The Importance of Being Addressable

Fundamentally, the REST pattern is about making resources available. This means that each item stored within your system can be accessed by someone with the correct permissions. Every one of these items has its own unique address, and its address should not change. This consistency is important, because it allows both people and computer programs to remember and reference items in your system.

Note that we’re talking about resources or items. In contrast with the SOAP model of web services, which allows programmers to invoke procedures on remote computers, REST is about providing data. SOAP is about verbs, while REST is about nouns. A SOAP service might CalculateTotalSale(); a REST service provides CustomerRecieptNo_12345. The kind of web services architecture you use will depend on the kind of application you’re building. The choice has major implications for the other components of your system.

REST imposes restrictions on what sort of things you can do, because it supports only a handful of actions: GET, POST, PUT, and DELETE. (There are a few other HTTP methods, but these four are the most important.) Fortunately, with these four actions, you can accomplish most basic programming tasks. There’s a close parallel to these actions and create/read/update/delete, or CRUD, the building blocks of data storage systems.

UriTemplate

Since the address, or URI, is the primary way to access information in your system, it’s effectively part of your user interface. All the principles of good user interface design apply. So when designing a REST service, you need fine control over the structure of these identifiers.

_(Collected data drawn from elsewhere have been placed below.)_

Theorem theorem4 (m n : nat) (Hm : (1 <= m)%nat) (Hmn : (m < n)%nat) :
  (* (a) *)
  (m = 1%nat ->
     (forall (A : mat) (p q : ext), ext_pos p -> ext_pos q ->
        forall X : mat, in_pginv m n A (rowN n p q) X <-> in_ginv m n A (entN n m q) X)
     /\
     (exists A1 : mat, full_rank m n A1 /\
        forall (p : ext) (q : R), ext_pos p -> 0 < q ->
          (in_pginv m n A1 (rowN n p (Fin q)) (dagger m n A1) <-> q = 2)))
  /\
  (* (b) *)
  ((2 <= m)%nat ->
     exists A4 : mat, full_rank m n A4 /\
       forall p q : R, 1 <= p -> 0 < q ->
         (in_pginv m n A4 (rowN n (Fin p) (Fin q)) (dagger m n A4) <-> q = 2))
  /\
  (* (c) *)
  ((3 <= m)%nat ->
     exists A5 : mat, full_rank m n A5 /\
       forall p : R, 1 <= p ->
         (in_pginv m n A5 (rowN n (Fin p) (Fin 2)) (dagger m n A5) <-> p = 2))
  /\
  (* (d) *)
  ((3 <= m)%nat ->
     forall p q : R, 1 <= p -> 0 < q ->
       ((forall A : mat, full_rank m n A ->
           in_pginv m n A (rowN n (Fin p) (Fin q)) (dagger m n A))
        <-> (p = 2 /\ q = 2))).
Proof.
  split; [| split; [| split]].
  - intros ->. split.
    + intros A p q Hp Hq X. apply pginv_rank_one; auto.
    + exists A4. split; [apply A4_full; lia|].
      intros p q Hp Hq. apply A4_dagger_pginv_iff; auto.
  - intros Hm2. exists A4. split; [apply A4_full; auto|].
    intros p q Hp Hq. apply A4_dagger_pginv_iff; simpl; auto; lra.
  - intros Hm3. exists A5. split; [apply A5_full; auto|].
    intros p Hp. apply A5_dagger_pginv_iff; auto; lra.
  - intros Hm3 p q Hp Hq. split.
    + intros Hall.
      assert (Hq2 : q = 2).
      { apply (A4_dagger_pginv_iff m n) with (Fin p); simpl; auto; try lra.
        apply Hall, A4_full; auto. }
      subst q. split; auto.
      apply (A5_dagger_pginv_iff m n); auto; try lra. apply Hall, A5_full; auto.
    + intros [-> ->] A HA. apply dagger_pginv_22; auto.
Qed.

SOAP, by contrast, typically has just one endpoint. The address itself conveys no information about what services are provided — that’s why SOAP services require a separate WSDL file to tell folks what’s possible. With REST, it should be easy to discover the extent of the system by looking at the URIs alone.

Coming up with good REST URI patterns can be tricky. Using short, descriptive naming conventions for your resources makes them easier to type. But URI patterns must also be distinct and unambiguous.

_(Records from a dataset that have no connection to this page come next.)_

Lemma orientation_subgraph_bound tau w S E' :
  fractional_orientation tau w -> is_subgraph E S E' -> #|E'|%:R <= tau * #|S|%:R.
Proof.
case=> w0 w1 load /andP[/subsetP sE' /forall_inP sES].
have -> : #|E'|%:R = \sum_(e in E') \sum_(v in S | v \in e) w (e, v).
  rewrite -[LHS]mulr1n -sumr_const; apply: eq_bigr => e eE'; rewrite -(w1 e (sE' e eE')).
  by apply: eq_bigl => v; rewrite andb_idl // => /(subsetP (sES e eE')).
rewrite (exchange_big_dep (mem S)) /=; last by move=> e v _ /andP[].
rewrite mulr_natr -sumr_const.
apply: ler_sum => v vS; apply: le_trans (load v).
apply: ler_sum_subpred => [e /and3P[/sE' -> _ ->] // | e /andP[eE ve]].
exact: w0.
Qed.

Lemma orientation_of_subgraph_bound tau : simple_edges E -> 0 <= tau ->
  (forall S E', is_subgraph E S E' -> #|E'|%:R <= tau * #|S|%:R) ->
  exists w, fractional_orientation tau w.
Proof.
move=> HE tau0; have [n [q [q0 ->]]] := rat_nat_ratio tau0; move=> bound.
pose adj (e : {set V}) (v : V) := v \in e.
have hc : hall_condition adj (restrict E (fun=> q)) (fun=> n).
  move=> Z; rewrite sum_restrict !sum_nat_const.
  have sub : is_subgraph E (nbh adj (Z :&: E)) (Z :&: E).
    rewrite /is_subgraph subsetIr; apply/forall_inP => e eZE.
    by apply/subsetP => v ve; exact: nbh_mem eZE ve.
  have := bound _ _ sub; rewrite mulrAC ler_pdivlMr ?ltr0n // -!natrM ler_nat.
  move/leq_trans; apply; rewrite mulnC leq_mul2r subset_leq_card ?orbT //.
  exact/nbhS/subsetIl.
have [g alloc] := hall_allocation hc.
exists (fun a => (g a.1 a.2)%:R / q%:R); split => [e v _ _ | e eE | v] /=.
- by rewrite divr_ge0 ?ler0n.
- rewrite -mulr_suml -natr_sum (row_sum_adj _ alloc) /restrict eE.
  by rewrite divff // pnatr_eq0 -lt0n.
- rewrite -mulr_suml -natr_sum ler_pM2r ?invr_gt0 ?ltr0n // ler_nat.
  case: alloc => _ _ /(_ v); apply: leq_trans.
  by apply: leq_sum_subpred => e /andP[].
Qed.

End Density.

Section Construction.
Variables (V : finType) (E : {set {set V}}) (tau : rat).
Implicit Types (f : {set V} * V -> rat) (F : {set {set V}}).

Local Notation is_B_ts := (is_B_transshipment (D_U E) (D_W V) (D_arcs E)
  (@D_cap V) (@D_BU V) (@D_BW V tau)).
Local Notation value := (ts_value (D_U E) (D_arcs E)).

Lemma excessU_arcs f e : e \in E ->
  excessU (D_arcs E) f e = \sum_(v in e) f (e, v).
Proof.
move=> eE; rewrite /excessU sum_pairs (bigD1 e) //= [X in _ + X]big1 ?addr0 => [|e' ne'].
  by apply: eq_bigl => v; rewrite !inE /= eqxx eE andbT.
by rewrite big_pred0 // => v; rewrite (negbTE ne') andbF.
Qed.

Lemma excessW_arcs f v :
  excessW (D_arcs E) f v = - \sum_(e in E | v \in e) f (e, v).
Proof.
rewrite /excessW sum_pairs [in RHS]big_mkcond; congr (- _); apply: eq_bigr => e _ /=.
have [ev | ev] := boolP ((e \in E) && (v \in e)).
  rewrite (big_pred1 v) // => u; rewrite !inE /=.
  by case: eqP => [->|]; rewrite ?ev ?andbF.
apply: big_pred0 => u; rewrite !inE /=.
by case: eqP => [->|]; rewrite ?(negbTE ev) ?andbF.
Qed.

Lemma ts_value_indicator f F :
  (forall e, e \in E -> excessU (D_arcs E) f e = (e \notin F)%:R) ->
  value f = #|E :\: F|%:R.
Proof.
move=> ex; rewrite /ts_value /D_U (big_setID F) /= big1 ?add0r => [|e].
  rewrite -sumr_const; apply: eq_bigr => e.
  by rewrite inE => /andP[/negbTE eF eE]; rewrite ex ?eF.
by rewrite inE => /andP[eE eF]; rewrite ex ?eF.
Qed.

Lemma orientation_of_transshipment f : is_B_ts f ->
  exists F, [/\ F \subset E, fractional_orientation (E :\: F) tau f
             & value f = #|E :\: F|%:R].
Proof.
case=> cap BU BW; pose F := [set e in E | excessU (D_arcs E) f e == 0].
have exF e : e \in E -> excessU (D_arcs E) f e = (e \notin F)%:R.
  by move=> eE; rewrite inE eE /=; have [->|->] : _ \/ _ := BU e eE.
have f0 e v : e \in E -> v \in e -> 0 <= f (e, v).
  by move=> eE ve; case: (cap (e, v)); rewrite // inE eE.
exists F; split; last exact: ts_value_indicator.
  by apply/subsetP => e; rewrite inE => /andP[].
split.
- by move=> e v; rewrite inE => /andP[_ eE]; exact: f0.
- by move=> e; rewrite inE => /andP[eF eE]; rewrite -excessU_arcs // exF // eF.
- move=> v; have [+ _] := BW v (in_setT v); rewrite excessW_arcs lerN2; apply: le_trans.
  apply: ler_sum_subpred => [e | e /andP[eE ve]]; last exact: f0.
  by rewrite inE -andbA => /and3P[_ -> ->].
Qed.

Lemma transshipment_of_orientation F w :
  fractional_orientation (E :\: F) tau w ->
  exists f, is_B_ts f /\ value f = #|E :\: F|%:R.
Proof.
case=> w0 w1 load; pose f a := if a.1 \in E :\: F then w a else 0.
have exF e : e \in E -> excessU (D_arcs E) f e = (e \notin F)%:R.
  move=> eE; rewrite excessU_arcs // /f /= inE eE andbT.
  have [eF | eF] /= := boolP (e \in F); first by rewrite big1.
  by rewrite w1 // inE eF eE.
exists f; split; last exact: ts_value_indicator.
split => [[e v] | e eE | v _].
- rewrite inE /f /D_cap /= => /andP[eE ve]; case: ifP => // eEF; split; first exact: w0.
  by rewrite -(w1 e eEF) (bigD1 v) //= lerDl sumr_ge0 // => u /andP[/w0 ->].
- by rewrite /D_BU exF //; case: (e \in F); [left | right].
- rewrite /D_BW excessW_arcs oppr_le0 lerN2; split.
    apply: le_trans (load v); rewrite [X in X <= _]big_mkcond [X in _ <= X]big_mkcond /=.
    apply: ler_sum => e _; rewrite /f !inE /=.
    by case: (e \in F); case: (e \in E); case: (v \in e).
  by apply: sumr_ge0 => e /andP[eE ve]; rewrite /f; case: ifP => // /w0 ->.
Qed.

End Construction.

Lemma ler_cardsD (T : finType) (E F : {set T}) (k : nat) : F \subset E ->
  (#|E|%:R - k%:R <= #|E :\: F|%:R :> rat) = (#|F| <= k)%N.
Proof.
move=> sFE; rewrite cardsD (setIidPr sFE) natrB ?subset_leq_card //.
by rewrite lerD2l lerN2 ler_nat.
Qed.

Theorem lemma6 (V : finType) (E : {set {set V}}) (HE : simple_edges E)
  (tau : rat) (Htau : 0 <= tau) (k : nat) :
  (exists f : {set V} * V -> rat,
      is_B_transshipment (D_U E) (D_W V) (D_arcs E) (@D_cap V) (@D_BU V) (@D_BW V tau) f /\
      (#|E|%:R - k%:R <= ts_value (D_U E) (D_arcs E) f))
  <->
  (exists F : {set {set V}},
      [/\ F \subset E, (#|F| <= k)%N & rho_star (del_edges E F) <= tau]).
Proof.
rewrite /del_edges; split.
- move=> [f [ts val]]; have [F [sFE orient valF]] := orientation_of_transshipment ts.
  exists F; split => //; first by rewrite -(ler_cardsD k sFE) -valF.
  apply/(rho_star_leP (simple_edgesD HE) Htau) => S E'.
  exact: orientation_subgraph_bound orient.
- move=> [F [sFE Fk /(rho_star_leP (simple_edgesD HE) Htau) bound]].
  have [w orient] := orientation_of_subgraph_bound (simple_edgesD HE) Htau bound.
  have [f [ts valF]] := transshipment_of_orientation orient.
  by exists f; rewrite valF ler_cardsD.
Qed.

In the .NET framework, you use the UriTemplate class to define patterns. The UriTemplate implementation that shipped with .NET 3.5 allowed you to define variables that fit into slots in your URI. A typical UriTemplate might look like this: http://restserver/{object}/{id}?view={viewname}.

WCF looks for incoming URIs that match the patterns you define. The pattern defined above would match the following URIs:

  • http://restserver/customer/5?view=profile
  • http://restserver/article/how_to_do_stuff?view=print
  • http://restserver/author/John-Smith?view=1

Once you’ve defined a UriTemplate, you bind it to a method that has the same number of parameters. (I won’t go into the ABCs of WCF here, but you can check out this MSDN Introduction to WCF if you need a refresher.)

In WCF 3.5, you could only define a variable for a whole segment. A segment is basically the bit between the one forward slash and another, or one querystring parameter. A few bloggers requested more flexibility in UriTemplates, and the WCF team answered with the soon-to-be-released 3.5 SP1. The ability to define variables for partial segments was crucial for our URI design.

Representation Matters

Most books about web services, including RESTful Web Services, advocate leaving off file extensions from your URIs. This makes sense for SOAP, where you’re accessing methods and all responses are transmitted in XML. But in REST, you’re serving up items.

In our case, some of these items being served were files and some were records from a database. It seemed inconsistent to have some endpoints that had file extensions and others that didn’t. And we also wanted to be able to serve up different representations for our database records. Our REST service supports both JSON, XML, and HTML. It made sense to use a file extension to distinguish between the different representations.

One workaround would have been to create endpoints like http://restserver/form/1040/xml but that looked funny next to URIs like http://resterver/file/documentation.pdf. True RESTafarians would point out that neither the “/xml” or the “.pdf” are needed, since you can request an appropriate representation using the HTTP ACCEPT header. We decided against the header approach because not all browsers use the ACCEPT HTTP header. Besides, it might be useful for us humans to be able to reach alternate formats by simply changing the URL in the browser address bar.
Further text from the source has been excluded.